(Stored items)
*-*-*

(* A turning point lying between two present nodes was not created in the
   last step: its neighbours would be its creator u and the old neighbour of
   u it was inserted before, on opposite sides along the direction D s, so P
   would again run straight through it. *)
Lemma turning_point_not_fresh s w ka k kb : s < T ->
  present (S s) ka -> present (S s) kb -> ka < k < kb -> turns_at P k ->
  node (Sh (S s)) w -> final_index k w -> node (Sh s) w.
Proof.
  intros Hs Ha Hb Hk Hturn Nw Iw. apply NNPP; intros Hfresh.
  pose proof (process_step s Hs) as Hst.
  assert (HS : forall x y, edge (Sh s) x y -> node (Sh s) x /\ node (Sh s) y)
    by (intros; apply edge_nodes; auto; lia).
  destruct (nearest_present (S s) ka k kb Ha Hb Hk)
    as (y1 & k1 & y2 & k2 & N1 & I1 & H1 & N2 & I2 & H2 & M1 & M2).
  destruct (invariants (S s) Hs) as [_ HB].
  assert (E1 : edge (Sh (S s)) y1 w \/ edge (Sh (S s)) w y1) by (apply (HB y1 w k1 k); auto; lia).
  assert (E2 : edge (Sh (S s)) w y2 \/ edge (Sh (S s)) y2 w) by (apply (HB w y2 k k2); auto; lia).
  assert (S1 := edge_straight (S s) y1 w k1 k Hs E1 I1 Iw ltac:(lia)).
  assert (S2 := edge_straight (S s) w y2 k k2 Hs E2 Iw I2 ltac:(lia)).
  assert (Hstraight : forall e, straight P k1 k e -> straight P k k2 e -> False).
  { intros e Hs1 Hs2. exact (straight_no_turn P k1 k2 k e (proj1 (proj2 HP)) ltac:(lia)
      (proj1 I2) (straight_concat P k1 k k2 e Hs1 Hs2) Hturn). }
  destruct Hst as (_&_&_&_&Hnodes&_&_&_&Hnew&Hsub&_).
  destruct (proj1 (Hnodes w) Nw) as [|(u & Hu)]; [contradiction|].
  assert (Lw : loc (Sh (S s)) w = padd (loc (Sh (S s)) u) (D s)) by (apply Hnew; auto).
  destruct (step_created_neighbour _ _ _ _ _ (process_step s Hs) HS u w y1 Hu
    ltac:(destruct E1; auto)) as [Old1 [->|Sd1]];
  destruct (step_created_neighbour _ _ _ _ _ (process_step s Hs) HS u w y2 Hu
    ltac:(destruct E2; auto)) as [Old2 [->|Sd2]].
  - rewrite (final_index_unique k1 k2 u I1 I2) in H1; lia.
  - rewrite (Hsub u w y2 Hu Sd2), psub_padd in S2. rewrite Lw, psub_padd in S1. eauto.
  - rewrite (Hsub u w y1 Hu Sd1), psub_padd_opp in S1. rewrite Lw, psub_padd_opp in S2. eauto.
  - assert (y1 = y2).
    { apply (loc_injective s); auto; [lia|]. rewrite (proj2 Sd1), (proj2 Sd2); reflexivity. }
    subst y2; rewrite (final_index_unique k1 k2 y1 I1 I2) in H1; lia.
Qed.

*-*-*

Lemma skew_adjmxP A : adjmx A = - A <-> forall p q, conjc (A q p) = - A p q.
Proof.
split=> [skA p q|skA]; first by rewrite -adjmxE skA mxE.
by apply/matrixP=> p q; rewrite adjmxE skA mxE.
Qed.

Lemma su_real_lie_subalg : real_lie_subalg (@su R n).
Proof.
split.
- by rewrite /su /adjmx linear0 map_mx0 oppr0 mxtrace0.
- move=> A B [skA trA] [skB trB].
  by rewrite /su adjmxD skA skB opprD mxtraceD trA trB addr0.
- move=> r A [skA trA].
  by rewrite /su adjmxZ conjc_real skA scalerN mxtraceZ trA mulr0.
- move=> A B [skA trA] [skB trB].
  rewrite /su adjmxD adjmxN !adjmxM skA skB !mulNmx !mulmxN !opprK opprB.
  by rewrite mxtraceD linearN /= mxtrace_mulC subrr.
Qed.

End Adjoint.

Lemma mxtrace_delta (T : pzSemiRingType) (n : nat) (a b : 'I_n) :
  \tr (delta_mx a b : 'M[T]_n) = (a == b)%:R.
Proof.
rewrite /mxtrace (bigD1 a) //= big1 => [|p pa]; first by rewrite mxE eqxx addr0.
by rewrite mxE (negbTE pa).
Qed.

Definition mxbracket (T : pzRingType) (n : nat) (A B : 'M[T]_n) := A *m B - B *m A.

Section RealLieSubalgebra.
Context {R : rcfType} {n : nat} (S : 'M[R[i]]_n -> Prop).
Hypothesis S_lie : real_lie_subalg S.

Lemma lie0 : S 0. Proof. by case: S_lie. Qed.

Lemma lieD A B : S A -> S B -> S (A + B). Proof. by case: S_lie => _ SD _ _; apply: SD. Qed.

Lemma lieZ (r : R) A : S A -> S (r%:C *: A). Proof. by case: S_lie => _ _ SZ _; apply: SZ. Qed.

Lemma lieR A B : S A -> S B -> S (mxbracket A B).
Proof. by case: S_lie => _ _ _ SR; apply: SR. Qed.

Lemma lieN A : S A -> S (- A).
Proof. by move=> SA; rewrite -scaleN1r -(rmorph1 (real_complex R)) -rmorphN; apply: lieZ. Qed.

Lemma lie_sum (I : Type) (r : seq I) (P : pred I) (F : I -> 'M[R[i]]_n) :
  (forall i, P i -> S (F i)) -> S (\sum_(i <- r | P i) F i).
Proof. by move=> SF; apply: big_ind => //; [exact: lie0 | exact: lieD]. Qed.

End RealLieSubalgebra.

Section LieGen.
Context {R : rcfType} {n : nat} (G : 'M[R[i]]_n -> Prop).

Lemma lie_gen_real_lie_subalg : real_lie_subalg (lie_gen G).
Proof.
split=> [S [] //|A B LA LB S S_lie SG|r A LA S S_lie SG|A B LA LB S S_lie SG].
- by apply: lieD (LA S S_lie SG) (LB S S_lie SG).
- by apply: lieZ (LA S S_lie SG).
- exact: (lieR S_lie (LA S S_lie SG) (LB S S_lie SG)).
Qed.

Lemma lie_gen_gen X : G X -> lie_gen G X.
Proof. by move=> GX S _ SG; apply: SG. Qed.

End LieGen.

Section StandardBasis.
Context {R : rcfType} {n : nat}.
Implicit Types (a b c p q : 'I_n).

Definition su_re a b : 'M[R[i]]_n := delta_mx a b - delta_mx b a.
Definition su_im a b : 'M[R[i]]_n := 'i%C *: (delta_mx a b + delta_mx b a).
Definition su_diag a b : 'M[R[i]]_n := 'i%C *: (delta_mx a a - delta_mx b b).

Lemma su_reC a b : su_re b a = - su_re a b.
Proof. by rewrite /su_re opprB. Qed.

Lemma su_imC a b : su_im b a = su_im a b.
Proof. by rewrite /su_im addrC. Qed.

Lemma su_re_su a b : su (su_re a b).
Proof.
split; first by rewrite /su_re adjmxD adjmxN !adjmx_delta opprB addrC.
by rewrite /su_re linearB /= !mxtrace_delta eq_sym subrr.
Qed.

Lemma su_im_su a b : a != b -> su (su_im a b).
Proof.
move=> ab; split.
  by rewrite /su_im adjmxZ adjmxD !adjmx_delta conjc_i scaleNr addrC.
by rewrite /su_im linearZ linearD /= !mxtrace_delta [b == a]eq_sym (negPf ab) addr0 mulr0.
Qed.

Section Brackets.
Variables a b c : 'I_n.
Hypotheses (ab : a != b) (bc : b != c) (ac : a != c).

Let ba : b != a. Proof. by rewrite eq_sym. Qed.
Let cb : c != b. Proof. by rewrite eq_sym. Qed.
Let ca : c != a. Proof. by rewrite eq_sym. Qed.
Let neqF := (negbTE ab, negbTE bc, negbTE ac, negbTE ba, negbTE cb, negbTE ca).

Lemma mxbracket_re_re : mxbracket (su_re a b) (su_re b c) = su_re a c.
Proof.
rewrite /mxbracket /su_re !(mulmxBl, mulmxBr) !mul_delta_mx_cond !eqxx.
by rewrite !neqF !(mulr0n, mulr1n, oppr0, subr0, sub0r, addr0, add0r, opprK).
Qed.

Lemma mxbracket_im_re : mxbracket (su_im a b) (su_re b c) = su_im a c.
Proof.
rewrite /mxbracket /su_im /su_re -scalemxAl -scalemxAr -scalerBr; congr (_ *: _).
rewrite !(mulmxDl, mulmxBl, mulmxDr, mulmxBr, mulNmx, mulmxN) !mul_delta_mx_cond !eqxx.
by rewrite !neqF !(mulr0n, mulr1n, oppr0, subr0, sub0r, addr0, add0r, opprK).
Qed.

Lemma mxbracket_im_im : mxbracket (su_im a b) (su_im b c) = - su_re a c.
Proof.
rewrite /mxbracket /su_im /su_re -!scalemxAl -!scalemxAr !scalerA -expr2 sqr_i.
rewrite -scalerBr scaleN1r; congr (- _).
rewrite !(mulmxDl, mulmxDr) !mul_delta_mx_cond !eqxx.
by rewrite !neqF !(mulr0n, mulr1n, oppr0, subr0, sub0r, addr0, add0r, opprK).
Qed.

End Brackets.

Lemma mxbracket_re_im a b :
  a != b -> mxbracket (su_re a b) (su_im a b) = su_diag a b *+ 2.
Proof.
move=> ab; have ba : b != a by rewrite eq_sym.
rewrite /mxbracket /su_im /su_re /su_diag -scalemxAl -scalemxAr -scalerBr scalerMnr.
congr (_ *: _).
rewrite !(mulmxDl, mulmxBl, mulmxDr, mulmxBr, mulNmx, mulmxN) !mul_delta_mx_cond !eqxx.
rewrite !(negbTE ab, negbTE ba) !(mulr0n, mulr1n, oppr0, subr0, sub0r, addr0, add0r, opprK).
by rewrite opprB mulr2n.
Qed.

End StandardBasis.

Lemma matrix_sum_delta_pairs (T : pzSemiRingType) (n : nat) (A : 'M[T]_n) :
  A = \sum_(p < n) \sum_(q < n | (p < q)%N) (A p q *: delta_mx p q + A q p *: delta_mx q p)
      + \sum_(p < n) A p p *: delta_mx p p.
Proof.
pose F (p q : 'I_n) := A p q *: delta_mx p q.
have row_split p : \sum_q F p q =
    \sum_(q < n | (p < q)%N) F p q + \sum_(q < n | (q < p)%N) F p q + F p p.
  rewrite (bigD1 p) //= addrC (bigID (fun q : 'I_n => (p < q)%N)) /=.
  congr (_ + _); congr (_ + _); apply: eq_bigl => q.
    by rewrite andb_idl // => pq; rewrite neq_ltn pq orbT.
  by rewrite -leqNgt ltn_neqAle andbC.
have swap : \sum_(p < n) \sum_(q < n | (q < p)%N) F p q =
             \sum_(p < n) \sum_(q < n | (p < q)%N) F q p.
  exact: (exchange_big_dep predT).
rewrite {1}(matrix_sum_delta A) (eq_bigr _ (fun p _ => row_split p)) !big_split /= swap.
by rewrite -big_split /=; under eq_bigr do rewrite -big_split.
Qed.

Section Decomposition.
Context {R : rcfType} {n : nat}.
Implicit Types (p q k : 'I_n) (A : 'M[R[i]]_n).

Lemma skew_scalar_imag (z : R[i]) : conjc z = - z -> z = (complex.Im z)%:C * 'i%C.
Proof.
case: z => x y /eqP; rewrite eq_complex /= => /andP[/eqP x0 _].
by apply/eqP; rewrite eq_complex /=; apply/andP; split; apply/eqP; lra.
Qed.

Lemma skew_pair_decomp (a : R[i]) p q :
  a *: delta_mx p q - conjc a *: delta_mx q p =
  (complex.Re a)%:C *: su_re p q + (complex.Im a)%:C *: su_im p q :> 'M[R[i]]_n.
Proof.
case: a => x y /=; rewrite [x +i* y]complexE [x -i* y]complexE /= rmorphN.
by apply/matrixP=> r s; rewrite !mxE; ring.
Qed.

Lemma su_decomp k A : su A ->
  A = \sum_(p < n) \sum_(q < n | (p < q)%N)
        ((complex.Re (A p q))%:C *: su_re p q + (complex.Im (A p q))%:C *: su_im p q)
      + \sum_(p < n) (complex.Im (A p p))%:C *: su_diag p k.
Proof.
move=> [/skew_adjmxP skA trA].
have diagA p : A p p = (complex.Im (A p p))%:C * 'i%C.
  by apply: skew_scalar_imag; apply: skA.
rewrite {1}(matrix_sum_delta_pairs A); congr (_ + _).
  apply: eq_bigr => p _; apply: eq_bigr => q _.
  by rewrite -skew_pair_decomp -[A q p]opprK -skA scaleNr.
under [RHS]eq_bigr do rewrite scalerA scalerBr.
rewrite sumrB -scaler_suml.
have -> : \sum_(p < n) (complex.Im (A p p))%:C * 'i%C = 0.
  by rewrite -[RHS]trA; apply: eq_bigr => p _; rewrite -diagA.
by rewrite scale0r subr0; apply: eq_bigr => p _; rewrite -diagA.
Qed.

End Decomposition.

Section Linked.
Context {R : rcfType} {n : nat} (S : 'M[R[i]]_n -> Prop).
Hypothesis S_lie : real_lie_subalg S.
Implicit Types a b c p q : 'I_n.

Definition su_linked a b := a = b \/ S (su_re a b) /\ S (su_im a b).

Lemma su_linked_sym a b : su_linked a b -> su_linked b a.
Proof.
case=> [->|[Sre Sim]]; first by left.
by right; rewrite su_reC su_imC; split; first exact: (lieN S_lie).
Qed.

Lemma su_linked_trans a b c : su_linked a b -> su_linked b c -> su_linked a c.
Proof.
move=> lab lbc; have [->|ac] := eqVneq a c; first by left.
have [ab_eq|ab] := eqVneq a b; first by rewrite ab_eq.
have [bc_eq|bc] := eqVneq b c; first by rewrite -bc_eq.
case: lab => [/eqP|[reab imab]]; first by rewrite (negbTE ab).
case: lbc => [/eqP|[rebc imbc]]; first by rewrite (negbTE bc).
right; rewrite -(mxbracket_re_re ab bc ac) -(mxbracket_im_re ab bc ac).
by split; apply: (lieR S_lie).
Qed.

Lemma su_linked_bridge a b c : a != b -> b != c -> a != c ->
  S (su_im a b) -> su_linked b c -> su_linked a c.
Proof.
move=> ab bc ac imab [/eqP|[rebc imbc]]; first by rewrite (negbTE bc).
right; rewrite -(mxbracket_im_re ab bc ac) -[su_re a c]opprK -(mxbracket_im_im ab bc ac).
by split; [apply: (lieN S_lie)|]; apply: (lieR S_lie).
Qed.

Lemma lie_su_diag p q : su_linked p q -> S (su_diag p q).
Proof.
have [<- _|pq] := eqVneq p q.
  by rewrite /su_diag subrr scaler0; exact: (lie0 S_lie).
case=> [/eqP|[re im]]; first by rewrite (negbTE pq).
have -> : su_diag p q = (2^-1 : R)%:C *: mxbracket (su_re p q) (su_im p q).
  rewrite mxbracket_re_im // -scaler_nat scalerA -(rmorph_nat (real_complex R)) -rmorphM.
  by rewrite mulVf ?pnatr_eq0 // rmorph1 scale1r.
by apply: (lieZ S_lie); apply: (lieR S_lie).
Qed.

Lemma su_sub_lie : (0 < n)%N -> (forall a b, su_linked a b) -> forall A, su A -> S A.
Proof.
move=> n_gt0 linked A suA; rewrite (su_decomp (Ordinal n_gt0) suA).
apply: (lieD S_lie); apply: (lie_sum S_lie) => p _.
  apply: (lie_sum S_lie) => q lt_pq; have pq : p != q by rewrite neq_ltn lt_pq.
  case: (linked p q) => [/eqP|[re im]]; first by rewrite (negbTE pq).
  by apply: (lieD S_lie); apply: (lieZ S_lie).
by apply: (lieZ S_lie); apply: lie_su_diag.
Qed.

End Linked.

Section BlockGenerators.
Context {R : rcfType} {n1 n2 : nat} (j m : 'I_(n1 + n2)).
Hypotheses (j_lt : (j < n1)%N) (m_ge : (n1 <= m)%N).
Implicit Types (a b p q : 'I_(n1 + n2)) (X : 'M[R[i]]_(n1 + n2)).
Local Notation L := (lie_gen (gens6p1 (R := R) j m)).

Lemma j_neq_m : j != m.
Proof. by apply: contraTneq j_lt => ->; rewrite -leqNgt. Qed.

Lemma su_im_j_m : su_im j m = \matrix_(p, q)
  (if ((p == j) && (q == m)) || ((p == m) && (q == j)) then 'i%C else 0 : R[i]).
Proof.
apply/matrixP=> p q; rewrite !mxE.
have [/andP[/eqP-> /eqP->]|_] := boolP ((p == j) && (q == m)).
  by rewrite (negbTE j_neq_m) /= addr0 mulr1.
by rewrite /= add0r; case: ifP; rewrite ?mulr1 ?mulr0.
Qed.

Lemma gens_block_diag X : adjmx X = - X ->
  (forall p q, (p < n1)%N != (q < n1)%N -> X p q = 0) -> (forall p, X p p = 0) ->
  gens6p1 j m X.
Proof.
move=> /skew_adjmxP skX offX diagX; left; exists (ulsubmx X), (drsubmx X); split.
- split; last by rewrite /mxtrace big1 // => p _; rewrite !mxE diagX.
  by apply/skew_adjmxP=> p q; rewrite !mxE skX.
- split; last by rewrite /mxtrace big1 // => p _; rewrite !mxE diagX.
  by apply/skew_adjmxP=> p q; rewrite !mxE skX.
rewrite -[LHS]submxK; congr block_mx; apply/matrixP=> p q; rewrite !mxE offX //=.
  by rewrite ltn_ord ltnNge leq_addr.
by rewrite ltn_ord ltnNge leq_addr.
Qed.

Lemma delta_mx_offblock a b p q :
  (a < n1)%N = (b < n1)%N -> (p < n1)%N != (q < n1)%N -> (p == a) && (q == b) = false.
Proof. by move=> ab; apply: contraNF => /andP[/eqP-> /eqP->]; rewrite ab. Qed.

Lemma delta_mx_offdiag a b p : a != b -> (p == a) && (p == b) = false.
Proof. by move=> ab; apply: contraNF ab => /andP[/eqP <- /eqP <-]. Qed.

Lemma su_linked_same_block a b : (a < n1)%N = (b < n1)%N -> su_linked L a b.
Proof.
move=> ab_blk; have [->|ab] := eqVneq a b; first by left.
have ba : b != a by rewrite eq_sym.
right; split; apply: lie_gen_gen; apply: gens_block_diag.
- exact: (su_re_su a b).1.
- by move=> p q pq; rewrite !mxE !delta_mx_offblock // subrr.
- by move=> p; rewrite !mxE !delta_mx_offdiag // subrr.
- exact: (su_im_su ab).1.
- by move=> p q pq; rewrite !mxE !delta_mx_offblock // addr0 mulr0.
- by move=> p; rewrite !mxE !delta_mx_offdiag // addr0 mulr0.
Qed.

*-*-*

*AIM OF THE TASK*. Search term "adjmxE": return each line of the data that contains it.

*YOUR RESPONSE*.
split=> [skA p q|skA]; first by rewrite -adjmxE skA mxE.
by apply/matrixP=> p q; rewrite adjmxE skA mxE.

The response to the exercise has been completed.